As a journalist and a Christian, the older I’ve grown in my Christian faith the more confident I’ve become about the reality of God because of what I call the Alice principle: when faced with an unanswered question, go down the rabbit hole. Stop sitting fearfully on the riverbank. Chase after the truth, even if you have to tumble down a very deep well to eventually find it. And the remarkable thing is, for every bottle labelled “Drink me” or cake marked “Eat me” that is fawned over by secularists, atheists or the media, none has ever disproved the existence of our Almighty God. There is no Queen of Hearts ready with an axe to chop our faith in half – and there never will be. 

For the two brothers, when we were faced with no black-and-white answer in the Bible as to what happens when children die, we followed the breadcrumbs through the character of God, the Jewish concept of the age of accountability and David’s lament for his dead child in 2 Samuel 12:21-23.

As for the older brother, we pulled about his friends’ claims by explaining God’s general revelation in nature (Psalm 19:1-4, Romans 1:20), the four Gospel writers as accurate witnesses, the writings of Josephus and Tacitus, as well as exploring the motivations behind Christ’s disciples to continue to proclaim him Lord even though they were tortured, beheaded or crucified.

At the end of the 20-minute study, both brothers were clearly reassured. I thought that was the end of my little experiment but the Lord had other plans. With the youth leaders away for the next two weeks, I volunteered to run a proper apologetic teenage Bible study again, with no preparation, that this time lasted a full hour and attracted six sharp-minded teenagers.

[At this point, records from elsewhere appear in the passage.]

Lemma measurement_element_cone d m n (P : op d m n) : measurement_element P -> in_pure_cone P.
Proof.
move=> [N [Ps [i [[_ [_ cone]] hP]]]]; have [M [c [psi [? [? hPs]]]]] := cone i.
by exists M, c, psi; do 2!split=> //; move=> z z'; rewrite hP hPs.
Qed.

Theorem mainTheorem2 (d m n m1 n1 : nat) (rho : op d m n)
    (eD : 'I_m1 -> 'I_m) (eA : 'I_n1 -> 'I_n)
    (cD : 'I_(m - m1) -> 'I_m) (cA : 'I_(n - n1) -> 'I_n) :
  (2 <= d)%N -> (m1 <= m)%N -> (n1 <= n)%N ->
  injective eD -> injective cD -> (forall i j, eD i <> cD j) ->
  injective eA -> injective cA -> (forall i j, eA i <> cA j) ->
  valid_state rho ->
  (forall P : op d m1 n1, measurement_element P ->
     let sigma := ptrace (mulop (tensor_id P eD eA cD cA) rho) eD eA cD cA in
     (forall y y', sigma y y' = 0) \/
     exists (c : algC) (tau : op d (m - m1) (n - n1)),
       0 < c /\ valid_state tau /\ forall y y', sigma y y' = c * tau y y')
  /\ valid_state (ptrace rho eD eA cD cA).
Proof.
case: d rho => [|[|p]] rho // _ hm hn eD_inj cD_inj eD_cD eA_inj cA_inj eA_cA rho_state.
split; last exact: ptrace_state.
by move=> P /measurement_element_cone P_cone; apply: ptrace_measurement_state.
Qed.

The rules were simple: ask whatever question you want and we’ll try to find the answer in the Bible. If we can’t, then we’ll go away and research it.

Again, the teenagers didn’t hold back. “Why does a loving God allow suffering?” “How can God send people to hell even if they’ve never heard of him?” “If God created Satan, then doesn’t that mean that God created evil?”

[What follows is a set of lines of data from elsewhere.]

Lemma root4_unity_expi (w : R[i]) : w ^+ 4 = 1 -> exists n : nat, w = 'i ^+ n.
Proof.
move=> w4.
have : (w - 1) * (w + 1) * (w - 'i) * (w + 'i) = 0.
  transitivity (w ^+ 4 - (1 + 'i ^+ 2) * w ^+ 2 + 'i ^+ 2); first by ring.
  by rewrite w4 expi2; ring.
move/eqP; rewrite !mulf_eq0 -!orbA => /or4P[].
- by rewrite subr_eq0 => /eqP ->; exists 0%N.
- by rewrite addr_eq0 => /eqP ->; exists 2%N; rewrite expi2.
- by rewrite subr_eq0 => /eqP ->; exists 1%N; rewrite expr1.
- by rewrite addr_eq0 => /eqP ->; exists 3%N; rewrite exprS expi2 mulrN1.
Qed.

Lemma cx_inj (x y : C2) : cx1 x = cx1 y -> cx2 x = cx2 y -> x = y.
Proof. by case: x y => [[? ?] [? ?]] [[? ?] [? ?]] [-> ->] [-> ->]. Qed.

Lemma cx1_iter_mul_i n z : cx1 (iter n mul_i z) = 'i ^+ n * cx1 z.
Proof.
elim: n => [|n IHn] /=; first by rewrite mul1r.
by rewrite exprS -mulrA -IHn; apply: complexP => /=; ring.
Qed.

Lemma cx2_iter_mul_i n z : cx2 (iter n mul_i z) = 'i ^+ n * cx2 z.
Proof.
elim: n => [|n IHn] /=; first by rewrite mul1r.
by rewrite exprS -mulrA -IHn; apply: complexP => /=; ring.
Qed.

Lemma val_iter_mul_iS n z : set_val (iter n mul_iS z) = iter n mul_i (set_val z).
Proof. exact: iter_conj. Qed.

Lemma lens_rel_iter_mul_iS n (z : S3) : lens_rel 4 1 (iter n mul_iS z) z.
Proof.
exists ('i ^+ n); split; last split.
- by rewrite (_ : ('i ^+ n) ^ 4%:Z = ('i ^+ n) ^+ 4) // -exprM mulnC exprM expi4 expr1n.
- by rewrite val_iter_mul_iS cx1_iter_mul_i.
- by rewrite (_ : ('i ^+ n) ^ 1%:Z = 'i ^+ n) // val_iter_mul_iS cx2_iter_mul_i.
Qed.

Lemma lens_relP (u v : S3) : lens_rel 4 1 u v -> exists n, u = iter n mul_iS v.
Proof.
case=> w [w4 [e1 e2]]; have [n wn] := root4_unity_expi w4.
exists n; apply: val_inj; change (set_val u = set_val (iter n mul_iS v)).
rewrite val_iter_mul_iS; apply: cx_inj; first by rewrite cx1_iter_mul_i -wn.
by rewrite cx2_iter_mul_i -wn e2.
Qed.

Definition shift_pi_coords (p : R[i] * R[i]) : R[i] * R[i] := ('i * p.2, 'i * p.1).

Lemma su2_coords_inj : injective (@su2_coords R).
Proof. by move=> x y e; apply/val_inj/(cx_inj (f_equal fst e) (f_equal snd e)). Qed.

Lemma su2_coords_shift_piS x :
  su2_coords (shift_piS x) = shift_pi_coords (su2_coords x).
Proof. by rewrite /su2_coords /=; congr (_, _); apply: complexP => /=; ring. Qed.

Lemma euler_shift_pi a b c : euler a b (c + pi) = shift_pi_coords (euler a b c).
Proof.
rewrite /euler; set P := su2_mul _ (exp_p1 a); case: P => [[p1 p2] [q1 q2]].
rewrite /exp_p2 mulrDl cosDpihalf sinDpihalf /su2_mul /shift_pi_coords /=.
by congr (_, _); apply: complexP => /=; ring.
Qed.

Lemma euler_shift_npi n a b c :
  euler a b (c + n%:R * pi) = iter n shift_pi_coords (euler a b c).
Proof.
elim: n => [|n IHn]; first by rewrite mul0r addr0.
by rewrite -addn1 natrD mulrDl mul1r addrA euler_shift_pi IHn addn1.
Qed.

Lemma polar_coords (x y r : R) : 0 <= r -> x ^+ 2 + y ^+ 2 = r ^+ 2 ->
  exists t, -pi <= t <= pi /\ x = r * cos t /\ y = r * sin t.
Proof.
move=> r0 h; have pi0 := pi_ge0 R.
have [r00|rn0] := eqVneq r 0.
  have [x0 y0] : x = 0 /\ y = 0.
    move: h; rewrite r00 expr0n /= => h.
    by split; apply/eqP; rewrite -sqrf_eq0; apply/eqP;
      have := sqr_ge0 x; have := sqr_ge0 y; lra.
  by exists 0; rewrite x0 y0 r00 !mul0r; split => //; lra.
have rp : 0 < r by rewrite lt0r rn0.
set u := x / r.
have hu : -1 <= u <= 1.
  have hxr : - r <= x <= r by apply/andP; split; nra.
  by rewrite /u ler_pdivlMr // ler_pdivrMr // mulN1r mul1r.
have [/andP [t0 t1] ct] := acos_def hu.
have st : sin (acos u) = `|y / r|.
  rewrite sin_acos // -sqrtr_sqr; congr Num.sqrt.
  apply/eqP; rewrite -subr_eq0 /u.
  have -> : 1 - (x / r) ^+ 2 - (y / r) ^+ 2 = (r ^+ 2 - (x ^+ 2 + y ^+ 2)) / r ^+ 2.
    by field.
  by rewrite h subrr mul0r.
have [y0|y0] := leP 0 y.
  exists (acos u); split; first by apply/andP; split; lra.
  split; first by rewrite ct /u mulrC divfK.
  by rewrite st ger0_norm ?divr_ge0 // mulrC divfK.
exists (- acos u); split; first by apply/andP; split; lra.
split; first by rewrite cosN ct /u mulrC divfK.
have yr : y / r < 0 by rewrite ltr_pdivrMr // mul0r.
by rewrite sinN st ltr0_norm // opprK mulrC divfK.
Qed.

Lemma cos_sin_first_quadrant (A B : R) : 0 <= A -> 0 <= B -> A ^+ 2 + B ^+ 2 = 1 ->
  exists t, 0 <= t <= pi / 2 /\ cos t = A /\ sin t = B.
Proof.
move=> A0 B0 h; have pi0 := pi_ge0 R.
have hA : -1 <= A <= 1 by apply/andP; split; nra.
have hB : -1 <= B <= 1 by apply/andP; split; nra.
have [/andP [t0 t1] ct] := acos_def hA.
have [/andP [s0 s1] st] := asin_def hB.
have cs : cos (asin B) = A.
  by rewrite cos_asin // (_ : 1 - B ^+ 2 = A ^+ 2) ?sqrtr_sqr ?ger0_norm //; lra.
have ss : sin (acos A) = B.
  by rewrite sin_acos // (_ : 1 - A ^+ 2 = B ^+ 2) ?sqrtr_sqr ?ger0_norm //; lra.
exists (acos A); split => //; apply/andP; split => //.
have [sp|sn] := leP 0 (asin B).
  have : acos (cos (asin B)) = asin B.
    by apply: cosK; rewrite in_itv /=; apply/andP; split => //; lra.
  by rewrite cs => ->.
have : acos (cos (asin B)) = - asin B by apply: cosKN; apply/andP; split; lra.
by rewrite cs => ->; lra.
Qed.

Lemma shift_angle_2pi (u0 v0 : R) : -pi <= u0 <= pi -> -pi <= v0 <= pi ->
  exists u, cos u = cos u0 /\ sin u = sin u0 /\ 0 <= v0 - u < 2 * pi.
Proof.
move=> /andP [hu1 hu2] /andP [hv1 hv2].
have e2 : pi *+ 2 = 2 * pi :> R by rewrite mulr_natl.
have p0 := pi_gt0 R.
have [dn|dp] := ltP (v0 - u0) 0.
  exists (u0 - pi *+ 2).
  have k : u0 = (u0 - pi *+ 2) + pi *+ 2 by rewrite subrK.
  split; first by rewrite {2}k cosD2pi.
  split; first by rewrite {2}k sinD2pi.
  by rewrite e2; apply/andP; split; lra.
have [dl|dg] := ltP (v0 - u0) (2 * pi).
  by exists u0; split => //; split => //; apply/andP; split.
exists (u0 + pi *+ 2); rewrite cosD2pi sinD2pi; split => //; split => //.
by rewrite e2; apply/andP; split; lra.
Qed.

Lemma euler_expand (a b c : R) : euler a b c =
  (Complex (cos (a / 2) * (cos (b / 2) * cos (c / 2) + sin (b / 2) * sin (c / 2)))
           (sin (a / 2) * (sin (b / 2) * cos (c / 2) + cos (b / 2) * sin (c / 2))),
   Complex (sin (a / 2) * (cos (b / 2) * cos (c / 2) - sin (b / 2) * sin (c / 2)))
           (cos (a / 2) * (cos (b / 2) * sin (c / 2) - sin (b / 2) * cos (c / 2)))).
Proof.
rewrite /euler /exp_p2 /exp_p1 /su2_mul mulNr cosN sinN /=.
by congr (_, _); apply: complexP => /=; ring.
Qed.

Lemma euler_diff_sum (a u v : R) : euler a (v - u) (u + v) =
  (Complex (cos (a / 2) * cos u) (sin (a / 2) * sin v),
   Complex (sin (a / 2) * cos v) (cos (a / 2) * sin u)).
Proof.
rewrite euler_expand.
have hu : u = (u + v) / 2 - (v - u) / 2 by field.
have hv : v = (u + v) / 2 + (v - u) / 2 by field.
set x := (u + v) / 2 in hu hv *; set y := (v - u) / 2 in hu hv *.
rewrite [in cos u]hu [in sin u]hu [in cos v]hv [in sin v]hv cosB sinB cosD sinD.
by congr (_, _); apply: complexP => /=; ring.
Qed.

(* By euler_diff_sum, (Re α, Im β) and (Re β, Im α) must be the polar forms of
   cos(a/2) e^{iu} and sin(a/2) e^{iv}. *)
Lemma euler_surjective (g : S3) :
  exists a b c, euler_param a b c /\ su2_coords g = euler a b c.
Proof.
have hg := sphere3P g; rewrite /su2_coords /cx1 /cx2.
move: (set_val g) hg => [[X1 Y1] [X2 Y2]]; rewrite /sqnorm4 /= => hg.
pose A := Num.sqrt (X1 ^+ 2 + Y2 ^+ 2); pose B := Num.sqrt (X2 ^+ 2 + Y1 ^+ 2).
have A0 : 0 <= A := sqrtr_ge0 _.
have B0 : 0 <= B := sqrtr_ge0 _.
have hA : A ^+ 2 = X1 ^+ 2 + Y2 ^+ 2 by rewrite sqr_sqrtr // addr_ge0 // sqr_ge0.
have hB : B ^+ 2 = X2 ^+ 2 + Y1 ^+ 2 by rewrite sqr_sqrtr // addr_ge0 // sqr_ge0.
have [u0 [hu0 [ex1 ey2]]] := polar_coords A0 (esym hA).
have [v0 [hv0 [ex2 ey1]]] := polar_coords B0 (esym hB).
have [t [/andP [t0 t1] [ct st]]] : exists t, 0 <= t <= pi / 2 /\ cos t = A /\ sin t = B.
  by apply: cos_sin_first_quadrant => //; rewrite hA hB; lra.
have [u [cu [su hb]]] := shift_angle_2pi hu0 hv0.
exists (2 * t), (v0 - u), (u + v0); split.
  by split => //; apply/andP; split; lra.
rewrite euler_diff_sum (_ : 2 * t / 2 = t); last by field.
by rewrite ct st cu su -ex1 -ey2 -ex2 -ey1.
Qed.

Lemma approx_shift_piS g : Defs.approx (shift_piS g) g.
Proof.
have [a [b [c [abc eg]]]] := euler_surjective g.
exists a, b, (c + pi), a, b, c; split => //.
- by rewrite su2_coords_shift_piS eg euler_shift_pi.
- by split=> //; exists 1; rewrite addrAC subrr add0r mul1r.
Qed.

Lemma approxP g h :
  Defs.approx g h -> exists n, g = iter n shift_piS h \/ h = iter n shift_piS g.
Proof.
move=> [a [b [c1 [a2 [b2 [c2 [_ _ eg eh [ea eb [k ek]]]]]]]]]; subst a2 b2.
have shift_n n (u v : S3) c d : su2_coords u = euler a b c ->
    su2_coords v = euler a b d -> c = d + n%:R * pi -> u = iter n shift_piS v.
  move=> eu ev cd; apply: su2_coords_inj.
  by rewrite (iter_conj su2_coords_shift_piS) eu ev cd euler_shift_npi.
case: k ek => n ek.
  by exists n; left; apply: shift_n eg eh _; rewrite -ek addrC subrK.
exists n.+1; right; apply: shift_n eh eg _.
have ek' : c2 - c1 = n.+1%:R * pi by rewrite -opprB ek -mulNr -intrN.
by rewrite -ek' addrC subrK.
Qed.

End Sphere.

There was also an old atheist trap of logic, albeit with a different sheep’s clothing. “If God is all powerful, then can he make a chilli that’s so hot that even he can’t eat it?”

There were a few light-hearted ones: “If you fell off a building when Jesus returns at the Second Coming, will you keep falling?” and “Did Adam and Eve go through puberty?” (to which I suggested that God left a copy of Where Do I Come From? somewhere behind a tree in Eden).

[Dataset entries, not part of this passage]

Lemma Q2R_1 : Q2R 1 = 1.
Proof. apply Q2R_inject_Z. Qed.

Lemma Q2R_qnat i : Q2R (qnat i) = INR i.
Proof. unfold qnat. rewrite Q2R_inject_Z, INR_IZR_INZ. reflexivity. Qed.

Lemma Q2R_qfact i : Q2R (qfact i) = INR (fact i).
Proof. unfold qfact. rewrite Q2R_inject_Z, INR_IZR_INZ. reflexivity. Qed.

Lemma Q2R_qpow x k : Q2R (qpow x k) = Q2R x ^ k.
Proof. induction k as [| k IH]; simpl; [apply Q2R_1 | rewrite Q2R_mult, IH; reflexivity]. Qed.

Lemma Q2R_qsign i : Q2R (qsign i) = (-1) ^ i.
Proof.
  unfold qsign. destruct (Nat.even i) eqn:E.
  - apply Nat.even_spec in E as [k ->]. rewrite pow_1_even. apply Q2R_1.
  - assert (Nat.odd i = true) as [k ->]%Nat.odd_spec by (rewrite <- Nat.negb_even, E; reflexivity).
    replace (2 * k + 1)%nat with (S (2 * k)) by lia. rewrite pow_1_odd.
    unfold Q2R. simpl. lra.
Qed.

Lemma Q2R_qsum f N : Q2R (qsum f N) = rsum (fun i => Q2R (f i)) N.
Proof. induction N as [| N IH]; simpl; [apply Q2R_0 | rewrite Q2R_plus, IH; reflexivity]. Qed.

Lemma Q2R_neq_0 q : Q2R q <> 0 -> ~ (q == 0)%Q.
Proof. intros Hq E. apply Hq. rewrite (Qeq_eqR _ _ E). apply Q2R_0. Qed.

Lemma Q2R_div_R x y : Q2R y <> 0 -> Q2R (x / y) = Q2R x / Q2R y.
Proof. intros Hy. apply Q2R_div, Q2R_neq_0, Hy. Qed.

Lemma Q2R_inv_R x : Q2R x <> 0 -> Q2R (/ x) = / Q2R x.
Proof. intros Hx. apply Q2R_inv, Q2R_neq_0, Hx. Qed.

Lemma Qle_bool_cases x y :
  (Qle_bool x y = true /\ Q2R x <= Q2R y) \/ (Qle_bool x y = false /\ Q2R y < Q2R x).
Proof.
  destruct (Qle_bool x y) eqn:E; [left | right]; split; try reflexivity.
  - apply Qle_Rle, Qle_bool_iff, E.
  - apply Qlt_Rlt, Qnot_le_lt. rewrite <- Qle_bool_iff, E. discriminate.
Qed.

Lemma Qeq_bool_cases x y : (Qeq_bool x y = true /\ Q2R x = Q2R y) \/ Qeq_bool x y = false.
Proof.
  destruct (Qeq_bool x y) eqn:E; [left | right]; [split | ]; try reflexivity.
  apply Qeq_eqR, Qeq_bool_iff, E.
Qed.

Lemma Q2R_atan_series x N : Q2R (atan_series x N) = atan_poly (Q2R x) N.
Proof.
  unfold atan_series. rewrite Q2R_qsum. apply rsum_ext. intros i.
  assert (Hi : INR (2 * i + 1) <> 0) by (apply not_0_INR; lia).
  rewrite Q2R_div_R, Q2R_mult, Q2R_qsign, Q2R_qpow, Q2R_qnat; [field; exact Hi |].
  rewrite Q2R_qnat. exact Hi.
Qed.

Lemma Q2R_ln_series x N : Q2R (ln_series x N) = ln1p_poly (Q2R x - 1) N.
Proof.
  unfold ln_series. rewrite Q2R_qsum. apply rsum_ext. intros i.
  assert (Hi : INR (S i) <> 0) by (apply not_0_INR; lia).
  rewrite Q2R_div_R, Q2R_mult, Q2R_qsign, Q2R_qpow, Q2R_qnat, Q2R_minus, Q2R_1;
    [field; exact Hi |].
  rewrite Q2R_qnat. exact Hi.
Qed.

Lemma Q2R_exp_series x N : Q2R (exp_series x N) = exp_poly (Q2R x) N.
Proof.
  unfold exp_series. rewrite Q2R_qsum. apply rsum_ext. intros i.
  pose proof (INR_fact_neq_0 i) as Hi.
  rewrite Q2R_div_R, Q2R_qpow, Q2R_qfact; [field; exact Hi |].
  rewrite Q2R_qfact. exact Hi.
Qed.

Lemma atan01_enclosure q n : 0 <= Q2R q ->
  Q2R (LB_atan01 q n) <= atan (Q2R q) <= Q2R (UB_atan01 q n).
Proof.
  intros Hq. unfold LB_atan01, UB_atan01. rewrite !Q2R_atan_series.
  replace (2 * n + 2)%nat with (2 * (n + 1))%nat by lia.
  split; [apply alternating_lower_bound | apply alternating_upper_bound];
    intros N; apply atan_remainder_sign, Hq.
Qed.

Lemma pi_enclosure n : Q2R (LB_pi n) <= PI <= Q2R (UB_pi n).
Proof.
  assert (H5 : Q2R (1 # 5) = / 5) by (unfold Q2R; simpl; field).
  assert (H239 : Q2R (1 # 239) = / 239) by (unfold Q2R; simpl; field).
  pose proof (atan01_enclosure (1 # 5) n ltac:(rewrite H5; lra)).
  pose proof (atan01_enclosure (1 # 239) n ltac:(rewrite H239; lra)).
  pose proof Machin_4_5_239.
  unfold LB_pi, UB_pi. rewrite !Q2R_minus, !Q2R_mult, H5, H239 in *.
  replace (Q2R 16) with 16 by (unfold Q2R; simpl; field).
  replace (Q2R 4) with 4 by (unfold Q2R; simpl; field).
  lra.
Qed.

Lemma atan_nn_enclosure q n : 0 <= Q2R q ->
  Q2R (LB_atan_nn q n) <= atan (Q2R q) <= Q2R (UB_atan_nn q n).
Proof.
  intros Hq. unfold LB_atan_nn, UB_atan_nn.
  destruct (Qeq_bool_cases q 0) as [[-> Hq0] | ->].
  { rewrite Hq0, Q2R_0, atan_0. lra. }
  destruct (Qle_bool_cases q 1) as [[-> _] | [-> Hq1]]; [exact (atan01_enclosure q n Hq) |].
  rewrite Q2R_1 in Hq1.
  assert (H2 : Q2R 2 = 2) by apply Q2R_inject_Z.
  assert (Hinv : Q2R (/ q) = / Q2R q) by (apply Q2R_inv_R; lra).
  pose proof (atan01_enclosure (/ q) n ltac:(rewrite Hinv; apply Rlt_le, Rinv_0_lt_compat; lra)).
  pose proof (pi_enclosure n).
  pose proof (atan_inv (Q2R q) ltac:(lra)).
  rewrite !Q2R_minus, !Q2R_div_R, H2, Hinv in * by (rewrite H2; lra).
  lra.
Qed.

Lemma atan_enclosure q n : Q2R (LB_atan q n) <= atan (Q2R q) <= Q2R (UB_atan q n).
Proof.
  unfold LB_atan, UB_atan.
  destruct (Qle_bool_cases 0 q) as [[-> Hq] | [-> Hq]]; rewrite Q2R_0 in Hq;
    [exact (atan_nn_enclosure q n Hq) |].
  pose proof (atan_nn_enclosure (- q) n ltac:(rewrite Q2R_opp; lra)) as H.
  rewrite Q2R_opp, atan_opp in H. rewrite !Q2R_opp. lra.
Qed.

Lemma exp1_enclosure q n : Q2R q <= 0 ->
  Q2R (LB_exp1 q n) <= exp (Q2R q) <= Q2R (UB_exp1 q n).
Proof.
  intros Hq. unfold LB_exp1, UB_exp1. rewrite !Q2R_exp_series.
  replace (2 * n + 4)%nat with (2 * (n + 2))%nat by lia.
  replace (2 * n + 3)%nat with (2 * (n + 1) + 1)%nat by lia.
  split; [apply alternating_lower_bound | apply alternating_upper_bound];
    intros N; apply exp_remainder_sign, Hq.
Qed.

For a bit of fun, I even threw in my own question: “Did Adam and Eve have bellybuttons?” This lit up the group because they’d never thought about it before but, using logic, humour and Genesis, they came to the consensus: no, because neither Adam nor Eve were formed in utero.

For each 60-minute session, the entire group was fully engaged and answering each other’s questions with Bible passages. Teenagers I’d witnessed say virtually nothing in normal Bible studies were suddenly animated and vocal about their faith.

There were no chips, no chocolates nor any other bribe. They had a different kind of hunger: a safe place to have their greatest questions answered without condemnation or fear that their entire faith would collapse because of a single question. Alice had gone down the rabbit hole and found the ageless and simple truth: God still is God.

Now, teenage apologetics can never replace the weekly Bible studies, or – just as importantly – relationships with other Christians, but modern churches need to cater for inquiring minds and the combative culture young adults live in.

Atheists, whether in the media, in front of a whiteboard or even the playground, never play fair. Their goal is to ridicule not to engage, and we must build up our young Christians in the open safety of our churches and family homes first, to help them respond with fair, intelligent and proper responses.

Only then will the smug, purring Cheshire cats of secularism fade into insignificance.